As the trade watched, the epic tragedy played out as if it were a slow motion car crash viewed one grainy freeze frame at a time. The soundtrack came directly from the attendant brawl, the industry wide parlor game of handicapping the high stake events. Never in recent times have so many second-guessed the minutia of a radio show's end, the hiring of replacement shows and the debuts, first days of the new shows. The derby of the decade, it was, replete with robust chatter about the retiring favorite, the new jockeys, the horses, the trainers and the owners. Every player had a good seat except those with something to lose, the principals putting careers, reputations and assets at risk in the harsh side games of unintended consequence. The noise and fervor in those first rounds of spirited no-ante wager have abated. The first races in the winter championship meet over, the first-time jockey in the multitrack east coast race cashiered before official results are posted. Now comes industry editorial, the somewhat tamer and a tat more rational discussion of detritus and the collateral damage. Welcome to the second guess on the second guess. The upcoming release of winter book numbers, the CBS Q1 call, together with comments (and spin) from the involved parties and a new team hitting the air will no doubt provide the accelerants needed to refresh the flaming. The fates and fortunes of the other replacements, a rich store of argument and second-guessing, held in reserve for now. Dogs bark, but the caravan rolls on goes the old Balkan proverb.
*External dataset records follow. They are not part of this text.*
Lemma cube_limit d (B : R) (Q : R -> pointR d -> Prop) :
  (forall e e' p q, Q e p -> e + dmax p q <= e' -> Q e' q) ->
  (forall e, 0 < e -> exists2 p, (forall o, 0 <= p o <= B) & Q e p) ->
  exists x, forall e, 0 < e -> Q e x.
Proof.
(* [x] is a cluster point of the filter generated by the witness sets of [Q e]. *)
move=> Qwiden Qcube.
have Qmono e e' p : Q e p -> e <= e' -> Q e' p.
  by move=> hQ ee'; apply: Qwiden hQ _; rewrite dmaxxx Rplus_0_r.
pose S e := [set v : 'rV[R]_d | (forall o, `[0%R, B]%classic (v ord0 o)) /\ Q e (fun o => v ord0 o)]%classic.
pose F := filter_from [set e | 0 < e] S.
have F_filter : Filter F.
  apply: filter_from_filter => [|e1 e2 e1_gt0 e2_gt0]; first by exists 1; exact: Rlt_0_1.
  exists (Rmin e1 e2); first exact: Rmin_pos.
  by move=> v [hB hQ]; split; split=> //; apply: Qmono hQ _; [apply: Rmin_l|apply: Rmin_r].
have F_proper : ProperFilter F.
  apply: filter_from_proper => e /Qcube [p hp hQ].
  exists (\row_o p o)%R; split=> [o|].
    by rewrite mxE /= in_itv /=; have [/RleP -> /RleP ->] := hp o.
  by have -> : (fun o => (\row_o p o)%R ord0 o) = p by apply: funext => o; rewrite mxE.
have cube_compact : compact [set v : 'rV[R]_d | forall o, `[0%R, B]%classic (v ord0 o)]%classic :=
  rV_compact (fun o => @segment_compact R 0 B).
have [|x [_ clx]] := cube_compact F F_proper.
  by exists 1; [exact: Rlt_0_1 | move=> v []].
exists (fun o => x ord0 o) => e e_gt0.
have e2_gt0 : 0 < e / 2 by lra.
have [v [[_ hQ] [_ xv]]] : (S (e / 2) `&` ball x (e / 2))%classic !=set0%classic.
  by apply: clx; [exists (e / 2) | apply: nbhsx_ballx; apply/RltP].
apply: Qwiden hQ _; have : dmax (fun o => v ord0 o) (fun o => x ord0 o) < e / 2.
  by apply: dmax_lt => // o; have /RltP := xv ord0 o; rewrite Rabs_minus_sym.
lra.
Qed.

Section Neighbourhoods.
Variables (d : nat) (P : setfam d).

Definition has_distinct (F : setfam d) (n : nat) : Prop :=
  exists f : 'I_n -> regionR d, injective f /\ forall i, F (f i).

Lemma card_le_fill (F : setfam d) n (f : 'I_n -> regionR d) :
  card_le F n -> injective f -> (forall i, F (f i)) -> forall X, F X -> exists i, X = f i.
Proof.
move=> hle finj hf X hX; apply: contrapT => hXf.
pose g o := if unlift ord_max o is Some i then f i else X.
have gE i : g (lift ord_max i) = f i by rewrite /g liftK.
have gX : g ord_max = X by rewrite /g unlift_none.
apply: (hle g) => [o|o1 o2]; first by case: (unliftP ord_max o) => [i|] ->; rewrite ?gE ?gX.
case: (unliftP ord_max o1) => [i1|] ->; case: (unliftP ord_max o2) => [i2|] ->;
  rewrite ?gE ?gX // => e; first by rewrite (finj _ _ e).
- by case: hXf; exists i1.
- by case: hXf; exists i2.
Qed.

Lemma card_eq_of_distinct (F : setfam d) n : card_le F n -> has_distinct F n -> card_eq F n.
Proof. by move=> hle [f [finj hf]]; exists f; split=> //; split=> //; apply: card_le_fill. Qed.

Lemma nbhd_widen e e' p q X : nbhd P e p X -> e + dmax p q <= e' -> nbhd P e' q X.
Proof.
move=> [PX [y [Xy yp]]] hle; split; first exact: PX.
exists y; split; first exact: Xy.
by rewrite /Defs.closed_ball in yp *; have := dmax_triangle y p q; lra.
Qed.

Lemma has_distinct_nbhd_widen n e e' p q : has_distinct (nbhd P e p) n ->
  e + dmax p q <= e' -> has_distinct (nbhd P e' q) n.
Proof. by move=> [f [finj hf]] hle; exists f; split=> // i; apply: nbhd_widen (hf i) hle. Qed.

Lemma nbhd_sub_closure eps n x : 0 < eps -> card_le (nbhd P eps x) n ->
  (forall e, 0 < e -> has_distinct (nbhd P e x) n) ->
  forall X, nbhd P eps x X -> closureR X x.
Proof.
move=> eps_gt0 hle hx X hX e e_gt0.
have r_gt0 : 0 < Rmin e eps / 2 by have := Rmin_pos _ _ e_gt0 eps_gt0; lra.
have [g [ginj hg]] := hx _ r_gt0.
have hg_eps i : nbhd P eps x (g i).
  by apply: nbhd_widen (hg i) _; rewrite dmaxxx; have := Rmin_r e eps; lra.
have [i ->] := card_le_fill hle ginj hg_eps hX.
have [_ [y [gy yx]]] := hg i; exists y; split=> //.
by rewrite dmaxC; rewrite /Defs.closed_ball in yx; have := Rmin_l e eps; lra.
Qed.

End Neighbourhoods.

Section CornerLabel.
Variable d : nat.

Definition meets_hyperplane (X : regionR d) (o : 'I_d) : Prop := exists2 y, X y & y o = 0.

Definition corner_label (X : regionR d) : nat :=
  if [seq o <- enum 'I_d | ~~ `[< meets_hyperplane X o >]] is o :: _ then o.+1 else 0.

Lemma corner_label_le X : (corner_label X <= d)%N.
Proof. by rewrite /corner_label; case: [seq _ <- _ | _] => [|o _] //; exact: ltn_ord. Qed.

Lemma corner_label_bottom X y o : X y -> y o = 0 -> corner_label X != o.+1.
Proof.
rewrite /corner_label => Xy yo; case E: [seq _ <- _ | _] => [|o' s] //.
apply/eqP => -[/val_inj oo']; have : o' \in [seq o <- enum 'I_d | ~~ `[< meets_hyperplane X o >]].
  by rewrite E mem_head.
by rewrite mem_filter oo' => /andP[/asboolPn []]; exists y.
Qed.

Lemma corner_label_top D X y o : strict_pairwise_bound D X -> X y -> y o = D ->
  corner_label X != 0%N.
Proof.
rewrite /corner_label => hD Xy yo; case E: [seq _ <- _ | _] => [|//].
have : o \notin [seq o <- enum 'I_d | ~~ `[< meets_hyperplane X o >]] by rewrite E.
rewrite mem_filter mem_enum andbT negbK => /asboolP [z Xz zo].
have := hD _ _ Xy Xz; have := dist_le_dmax y z o; rewrite yo zo Rminus_0_r.
by have := Rle_abs D; lra.
Qed.

End CornerLabel.

Lemma grid_vertex_near_center d S (v x : nat -> nat) (h : R) : 0 <= h -> in_face v S x ->
  dmax (fun o : 'I_d => INR (x o) * h) (fun o => (INR (v o) + / 2) * h) <= h / 2.
Proof.
move=> h_ge0 [_ hx]; apply: dmax_le => [|o]; first lra.
have /andP[lo hi] := hx o.
have lo' : INR (v o) <= INR (x o) by apply/le_INR/leP.
have hi' : INR (x o) <= INR (v o) + 1 by rewrite -S_INR; apply/le_INR/leP.
by apply: Rabs_le; split; nra.
Qed.

Lemma cube_nbhd_distinct d (P : setfam d) (D : R) : 0 < D ->
  (forall x, exists X, P X /\ X x) -> (forall X, P X -> strict_pairwise_bound D X) ->
  forall e, 0 < e -> exists2 p, (forall o, 0 <= p o <= D) & has_distinct (nbhd P e p) d.+1.
Proof.
move=> D_gt0 cover bounded e e_gt0.
have [mem memP] := choice cover.
have [n [n_big n_gt0]] := archimed_cor1 (e / D) (Rdiv_lt_0_compat _ _ e_gt0 D_gt0).
have INRn_gt0 : 0 < INR n := lt_0_INR _ n_gt0.
pose h := D / INR n.
have h_gt0 : 0 < h by apply: Rdiv_lt_0_compat.
have nh : INR n * h = D by rewrite /h; field; lra.
have h_le : h <= e.
  have : D * / INR n < D * (e / D) by apply: Rmult_lt_compat_l.
  by rewrite /h /Rdiv (_ : D * (e * / D) = e); [lra|field; lra].
pose pt (x : nat -> nat) : pointR d := fun o => INR (x o) * h.
pose lab x := corner_label (mem (pt x)).
have [||x i i_lt_d xi|x i i_lt_d xi|v vg hv] := @cubical_sperner lab n d _ _ _ _.
- exact/ltP.
- by move=> x; apply: corner_label_le.
- apply: (corner_label_bottom (o := Ordinal i_lt_d) (memP _).2).
  by rewrite /pt /= xi Rmult_0_l.
- apply: (corner_label_top (o := Ordinal i_lt_d) (bounded _ (memP _).1) (memP _).2).
  by rewrite /pt /= xi.
have hv' (c : 'I_d.+1) : exists x, in_face v (iota 0 d) x /\ lab x = c.
  by have [x ? ?] := hv c (ltn_ord c); exists x.
have [xc hxc] := choice hv'.
exists (fun o => (INR (v o) + / 2) * h) => [o|].
  have : (INR (v o) + 1 <= INR n).
    by rewrite -S_INR; apply: le_INR; apply/leP; apply: vg.1.
  by have := pos_INR (v o); rewrite -nh; split; nra.
exists (fun c => mem (pt (xc c))); split=> [c1 c2 same|c].
  by apply: ord_inj; rewrite -(hxc c1).2 -(hxc c2).2 /lab same.
split; first exact: (memP _).1.
exists (pt (xc c)); split; first exact: (memP _).2.
apply: Rle_trans (grid_vertex_near_center d (Rlt_le _ _ h_gt0) (hxc c).1) _; lra.
Qed.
Please allow me to suggest some thoughts on the bigger business issues here. In the macro, the David Lee Roth adventure appears to offer lessons learned in each of the following disciplines...
- Succession planning (seeking stars in advance of needs; the interval between first notice of need and announcement of new hire)
- Creative process I (concept development, innovation, expectations, moving from rule taker to rule breaker and rule maker)
- Casting (against role and concept)
- Creative process II (leadership, managing the gap, standards, collaboration, staging, direction, editing, refinement of the solution set)
- Marketing (to listeners, advertisers, staff and other potential stars in waiting)
- Decisions to terminate (incl the Dwight Case rule of "when, how much and why")
- Recovery (renewal, growth, resilience and preservation)
My thoughts on each of these topics will be available in posts beginning after next week's NAB. Please check back at the end of next week. Until then I welcome your comments on the outline.
Overheard in a top five market production studio - new seller, copy in hand speaking to creative director..."can I just wait for it, it's only a 30 and that should only take what...30 to produce right?" (that is correct miss, thanks for playing, now can we get this young lady into some kind of RAB emergency clinic - George Hyde are you getting this?)